Potemkin Villages in Deep Learning

2 minute read

Published:

Potemkin Villages in Deep Learning
I have received a few messages asking for clarification what I meant exactly with Potemkin village models (for all who missed it: Fundamental Research). The term Potemkin village found its origin in Russia where Grigory Potemkin, a former minister, built fake portable settlements solely to impress his beloved Catherine II. Thus, the term Potemkin village means any construction which is built with the purpose to deceive others into thinking that a situation is better than it really is. So are almost all Deep Learning models - no matter if we are talking about language translation systems, picture labeling applications, or voice assistants. With the discovery of Adversarial Attacks, it has been proven that current neural networks learn shallow decision boundaries instead of actual underlying truths. Research has also shown how easy it is to manipulate currently deployed, state-of-the-art image recognition and voice control systems. As a result, any Deep Learning model can be fooled by adding controlled noise to its input such that humans cannot recognize a difference. Let’s imagine a voice control assistant at your home. The just mentioned leaks can be exploited to embed commands in e.g. manipulated music files. You won’t even hear a difference, but your assistant will naturally process those hidden messages. Though we are aware of the presence of Adversarial Attacks, we are not able to protect models from being exploited. It might not be a huge security issue for many of our current applications, but what if we are talking about road sign detection in autonomous driving environments?
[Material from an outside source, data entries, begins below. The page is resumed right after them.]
(* For every $\varepsilon\in(0,1)$ and $\ell\in\mathbb{N}$ there is $d_0=d_0(\varepsilon,\ell)$ such that for every $m\in\mathbb{N}$ and every time series $x\in\mathbb{R}^m$ there exists a time series $y\in\mathbb{R}^{d_0}$ such that for every $z\in\mathbb{R}^\ell$, \[(1-\varepsilon)\,d_{dF}(x,z)\le d_{dF}(y,z)\le(1+\varepsilon)\,d_{dF}(x,z).\]
   Context: A time series of complexity $m$ is a vector $x=(x_1,\dots,x_m)\in\mathbb{R}^m$. For $x\in\mathbb{R}^m$ and $y\in\mathbb{R}^\ell$, a traversal is a sequence of index pairs $(i,j)\in[m]\times[\ell]$ starting at $(1,1)$, ending at $(m,\ell)$, in which each pair $(i,j)$ is followed by one of $(i,j+1)$, $(i+1,j)$, $(i+1,j+1)$. The discrete Fréchet distance $d_{dF}(x,y)$ is the minimum over all traversals $T$ of $\max_{(i,j)\in T}|x_i-y_j|$. *)

From HB Require Import structures.
From mathcomp Require Import all_boot all_order all_algebra.
From mathcomp Require Import all_classical all_reals.
Set Implicit Arguments. Unset Strict Implicit. Unset Printing Implicit Defensive.
Import Order.TTheory GRing.Theory Num.Theory.
Local Open Scope ring_scope.
Local Open Scope classical_set_scope.

(* A time series of complexity m: x = (x_1,...,x_m), here indexed 0..m-1. *)
Definition tseries (R : realType) (m : nat) := 'I_m -> R.

Definition trav_step (p q : nat * nat) : bool :=
  [|| q == (p.1, p.2.+1), q == (p.1.+1, p.2) | q == (p.1.+1, p.2.+1)].

Definition is_traversal (m l : nat) (T : seq (nat * nat)) : bool :=
  match T with
  | [::] => false
  | p :: T' => [&& p == (0%N, 0%N), path trav_step p T' &
                    last p T' == (m.-1, l.-1)]
  end.

(* Value of a series at a nat index (0 outside range; never used on
   traversals since they stay in range). *)
Definition tval (R : realType) (m : nat) (x : tseries R m) (i : nat) : R :=
  match insub i with Some i' => x i' | None => 0 end.

Definition trav_cost (R : realType) (m l : nat) (x : tseries R m)
  (y : tseries R l) (T : seq (nat * nat)) : R :=
  \big[Order.max/0]_(p <- T) `|tval x p.1 - tval y p.2|.

(* Discrete Frechet distance: the minimum (infimum over the finite
   nonempty set of traversals) of the traversal costs. *)
Definition dF (R : realType) (m l : nat) (x : tseries R m) (y : tseries R l) : R :=
  inf [set trav_cost x y T | T in [set T | is_traversal m l T]].

From Pilot Require Import Defs.
From HB Require Import structures.
From mathcomp Require Import all_boot all_order all_algebra.
From mathcomp Require Import all_classical all_reals.
From mathcomp Require Import zify lra ring.
Import Order.TTheory GRing.Theory Num.Theory.
Set Implicit Arguments. Unset Strict Implicit. Unset Printing Implicit Defensive.

(* Fix z and a threshold d.  Whether some traversal of x and z costs at most d
   depends only on the boolean table (i, t) |-> [|x_i - z_t| <= d], and can be
   decided row by row: each row contributes the relation "columns j0..j1 are all
   admissible" on the columns of z, and consecutive rows are composed through a
   column step.  If x is spelled by a word over a finite alphabet (x_i = phi (w_i)),
   the composite, taken as a function of the table of the alphabet, is an invariant
   of w with values in a finite set; it is a right congruence, so by pigeonhole
   every word has an equivalent word of one fixed length d0, and that word spells
   a series y with dF(y, z) = dF(x, z) for all z.
   A general x is first rounded to such an alphabet.  With g the infimum of
   dF(x, .), match x to some z0 at distance < 2g and round every x_i - z0_j to a
   grid of mesh eps * g; this moves each dF(x, z) by at most eps * g, which is at
   most eps * dF(x, z).  If g = 0, x already takes at most l values. *)

(** * Traversals as staircases *)

Lemma trav_path_bounds p T : path trav_step p T -> forall q, q \in p :: T ->
  [&& (p.1 <= q.1)%N, (q.1 <= (last p T).1)%N, (p.2 <= q.2)%N & (q.2 <= (last p T).2)%N].
Proof.
elim: T p => [|r T IH] p /=.
  by move=> _ q; rewrite inE => /eqP ->; rewrite !leqnn.
move=> /andP[step_pr path_r] q; rewrite inE => /orP[/eqP ->|q_in].
  have /and4P[_ r1_le _ r2_le] := IH r path_r r (mem_head _ _).
  by move: step_pr r1_le r2_le => /or3P[] /eqP -> /= *; apply/and4P; split => //; lia.
have /and4P[] := IH r path_r q q_in.
by move: step_pr => /or3P[] /eqP -> /= *; apply/and4P; split => //; lia.
Qed.

Lemma trav_path_cover p T i : path trav_step p T -> (p.1 <= i <= (last p T).1)%N ->
  exists2 q, q \in p :: T & q.1 = i.
Proof.
elim: T p => [|r T IH] p /=.
  by move=> _ i_p; exists p; rewrite ?mem_head //; apply/eqP; rewrite eqn_leq.
move=> /andP[step_pr path_r] /andP[p_le_i i_le].
case: (ltnP i r.1) => [i_lt_r|r_le_i].
  exists p; first by rewrite mem_head.
  by move: step_pr i_lt_r; rewrite /trav_step => /or3P[] /eqP -> /=; lia.
have [q q_in <-] := IH r path_r (introT andP (conj r_le_i i_le)).
by exists q; rewrite // inE q_in orbT.
Qed.

(* [staircase cell n i j0 j1]: a traversal-like path from (i, j0) to (i + n, j1)
   through cells satisfying [cell], described row by row: it covers the columns
   [j0, j] of row i and then enters row i + 1 at column j or j + 1. *)
Fixpoint staircase (cell : nat -> nat -> bool) (n i j0 j1 : nat) : Prop :=
  match n with
  | 0 => (j0 <= j1)%N /\ forall t, (j0 <= t <= j1)%N -> cell i t
  | n'.+1 => exists j j', [/\ (j0 <= j)%N, forall t, (j0 <= t <= j)%N -> cell i t,
                (j' == j) || (j' == j.+1) & staircase cell n' i.+1 j' j1]
  end.

Section Staircase.
Variable cell : nat -> nat -> bool.

Lemma staircase_start n i j0 j1 : staircase cell n i j0 j1 -> cell i j0.
Proof.
case: n => [|n] /=; first by move=> [j0_le cell_row]; apply: cell_row; rewrite leqnn.
by move=> [j [j' [j0_le cell_row _ _]]]; apply: cell_row; rewrite leqnn.
Qed.

Lemma staircase_extl n i j j1 :
  cell i j -> staircase cell n i j.+1 j1 -> staircase cell n i j j1.
Proof.
have extl k : cell i j -> (forall t, (j < t <= k)%N -> cell i t) ->
    forall t, (j <= t <= k)%N -> cell i t.
  move=> cell_j cell_row t /andP[]; rewrite leq_eqVlt => /orP[/eqP <- //|j_lt t_le].
  by apply: cell_row; rewrite j_lt.
case: n => [|n] /= cell_j; first by move=> [j_lt cell_row]; split; [lia | exact: extl].
by move=> [k [k' [j_lt cell_row step rest]]]; exists k, k'; split; [lia | exact: extl | |].
Qed.

Lemma staircase_of_path p T : path trav_step p T -> all (fun q => cell q.1 q.2) (p :: T) ->
  staircase cell ((last p T).1 - p.1) p.1 p.2 (last p T).2.
Proof.
elim: T p => [|r T IH] p /=.
  move=> _ /andP[cell_p _]; rewrite subnn; split => // t t_p.
  by have -> : t = p.2 by lia.
move=> /andP[step_pr path_r] /andP[cell_p all_r].
have := IH r path_r all_r; have /and4P[_ r_le _ _] := trav_path_bounds path_r (mem_head _ _).
move: step_pr r_le; rewrite /trav_step => /or3P[] /eqP -> /=.
  by move=> _; exact: staircase_extl.
all: case: (last _ T) => a b /= r_le rest; have -> : (a - p.1 = (a - p.1.+1).+1)%N by lia.
all: exists p.2; eexists; split; last exact: rest; rewrite ?eqxx ?orbT //.
all: by move=> t t_p; have -> : t = p.2 by lia.
Qed.

Lemma path_of_row i j k X : (forall t, (j <= t <= j + k)%N -> cell i t) ->
  (exists T, [/\ path trav_step (i, j + k) T, last (i, j + k) T = X &
     all (fun q => cell q.1 q.2) ((i, j + k) :: T)]) ->
  exists T, [/\ path trav_step (i, j) T, last (i, j) T = X &
     all (fun q => cell q.1 q.2) ((i, j) :: T)].
Proof.
elim: k j => [|k IH] j cell_row; first by rewrite addn0.
rewrite -addSnnS => /IH [|T [path_T last_T all_T]]; first by move=> t t_j; apply: cell_row; lia.
exists ((i, j.+1) :: T); split => //=; first by rewrite /trav_step /= eqxx path_T.
by rewrite cell_row ?leqnn ?leq_addr.
Qed.

Lemma path_of_staircase n i j0 j1 : staircase cell n i j0 j1 ->
  exists T, [/\ path trav_step (i, j0) T, last (i, j0) T = (i + n, j1)%N &
     all (fun q => cell q.1 q.2) ((i, j0) :: T)].
Proof.
elim: n i j0 => [|n IH] i j0 /=.
  move=> [j0_le cell_row]; apply: (@path_of_row i j0 (j1 - j0)); rewrite subnKC //.
  by exists [::]; rewrite /= addn0 cell_row ?leqnn ?j0_le.
move=> [j [j' [j0_le cell_row step /IH [T [path_T last_T all_T]]]]].
apply: (@path_of_row i j0 (j - j0)); rewrite subnKC //.
exists ((i.+1, j') :: T); split => /=.
- by rewrite path_T andbT /trav_step /=; case/orP: step => /eqP ->; rewrite eqxx ?orbT.
- by rewrite last_T addSnnS.
- by rewrite cell_row ?leqnn ?j0_le.
Qed.

End Staircase.

Lemma eq_staircase (cell1 cell2 : nat -> nat -> bool) n i j0 j1 :
  (forall k, (k <= n)%N -> cell1 (i + k) =1 cell2 (i + k)) ->
  staircase cell1 n i j0 j1 -> staircase cell2 n i j0 j1.
Proof.
elim: n i j0 => [|n IH] i j0 /= cell12.
all: have := cell12 0%N (leq0n _); rewrite addn0 => cell12_i.
  by move=> [j0_le row_ok]; split => // t /row_ok; rewrite cell12_i.
move=> [j [j' [j0_le row_ok step rest]]]; exists j, j'; split => //.
  by move=> t /row_ok; rewrite cell12_i.
by apply: IH rest => k k_le; rewrite addSnnS; apply: cell12.
Qed.

Lemma staircase_below n i j0 j1 l : (j0 <= j1 < l)%N ->
  staircase (fun _ t => (t < l)%N) n i j0 j1.
Proof.
elim: n i j0 => [|n IH] i j0 /= /andP[j0_le j1_lt]; first by split => // t; lia.
exists j0, j0; split; rewrite ?eqxx //; first by move=> t; lia.
by apply: IH; rewrite j0_le.
Qed.

Lemma traversal_exists m l : (0 < m)%N -> (0 < l)%N -> exists T, is_traversal m l T.
Proof.
move=> m_gt0 l_gt0.
have [|T [path_T last_T _]] := path_of_staircase (@staircase_below m.-1 0 0 l.-1 l _).
  by apply/andP; split; lia.
by exists ((0, 0)%N :: T); rewrite /is_traversal eqxx path_T last_T add0n eqxx.
Qed.

(** * Keys of words *)

Lemma right_congr_shorten (A : Type) (T : finType) (F : seq A -> T) :
  (forall s1 s2 w, F s1 = F s2 -> F (s1 ++ w) = F (s2 ++ w)) ->
  forall s, exists2 s', (size s' < #|T|)%N & F s' = F s.
Proof.
move=> F_congr s; have [n] := ubnP (size s); elim: n s => // n IH s size_s.
case: (ltnP (size s) #|T|) => [small | large]; first by exists s.
pose G (k : 'I_(size s).+1) := F (take k s).
have /injectivePn [k1 [k2 k12 G12]] : ~~ injectiveb G.
  by apply/injectiveP => /leq_card; rewrite card_ord ltnNge large.
wlog k1_lt : k1 k2 k12 G12 / (k1 < k2)%N.
  move=> W; case: (ltngtP k1 k2) => [|k21|/val_inj k1E]; first exact: W.
    by apply: (W k2 k1) => //; rewrite eq_sym.
  by rewrite k1E eqxx in k12.
have k2_le : (k2 <= size s)%N by rewrite -ltnS.
have [|s' s'_small Fs'] := IH (take k1 s ++ drop k2 s).
  by rewrite size_cat size_takel ?size_drop; lia.
by exists s'; rewrite // Fs' -[s in RHS](cat_take_drop k2); apply: F_congr.
Qed.

Section WordKey.
Variables (A : finType) (l : nat).
Implicit Types (M : {ffun A * 'I_l -> bool}) (a b : A) (s w : seq A) (K : {set 'I_l * 'I_l}).

Definition row_key M a : {set 'I_l * 'I_l} :=
  [set p : 'I_l * 'I_l | (p.1 <= p.2)%N && [forall t : 'I_l, (p.1 <= t <= p.2)%N ==> M (a, t)]].

Definition col_step (j j' : 'I_l) : bool := (j' == j :> nat) || (j' == j.+1 :> nat).

Definition key_comp K1 K2 : {set 'I_l * 'I_l} :=
  [set p : 'I_l * 'I_l |
    [exists j, exists j', [&& (p.1, j) \in K1, col_step j j' & (j', p.2) \in K2]]].

Fixpoint word_key M a s : {set 'I_l * 'I_l} :=
  if s is b :: s' then key_comp (row_key M a) (word_key M b s') else row_key M a.

Lemma key_compA : associative key_comp.
Proof.
move=> K1 K2 K3; apply/setP => -[j0 j1]; rewrite !inE /=; apply/idP/idP.
  move=> /existsP[k /existsP[k' /and3P[K1_k step_k]]].
  rewrite inE /= => /existsP[j /existsP[j' /and3P[K2_k step_j K3_j]]].
  apply/existsP; exists j; apply/existsP; exists j'; rewrite step_j K3_j !andbT inE /=.
  by apply/existsP; exists k; apply/existsP; exists k'; rewrite K1_k step_k K2_k.
move=> /existsP[j /existsP[j' /and3P[]]].
rewrite inE /= => /existsP[k /existsP[k' /and3P[K1_k step_k K2_k]]] step_j K3_j.
apply/existsP; exists k; apply/existsP; exists k'; rewrite K1_k step_k inE /=.
by apply/existsP; exists j; apply/existsP; exists j'; rewrite K2_k step_j K3_j.
Qed.

Lemma word_key_cat M a s b w :
  word_key M a (s ++ b :: w) = key_comp (word_key M a s) (word_key M b w).
Proof. by elim: s a => [|c s IH] a //=; rewrite IH -key_compA. Qed.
What about healthcare applications? Or what about Google’s newly introduced voice assistant which will make calls and manage appointments for you? Would you trust such as system which is vulnerable in a way we cannot prevent yet?

More resources:

  • Carlini, N. & Wagner, D. (2018). Audio Adversarial Examples: Targeted Attacks on Speech-to-Text. arXiv preprint arXiv:1801.01944.
  • Papernot, N., McDaniel, P., Goodfellow, I., Jha, S., Berkay Celik, Z., & Swami, A. (2016). Practical Black-Box Attacks against Deep Learning Systems using Adversarial Examples. arXiv preprint arXiv:1602.02697.
  • Papernot, N., McDaniel, P., Sinha, A., & Wellman, M. (2016). Towards the Science of Security and Privacy in Machine Learning. arXiv preprint arXiv:1611.03814.
  • Szegedy, C., Zaremba, W., Sutskever, I., Bruna, J., Erhan, D., Goodfellow, I., & Fergus, R. (2013). Intriguing properties of neural networks. arXiv preprint arXiv:1312.6199.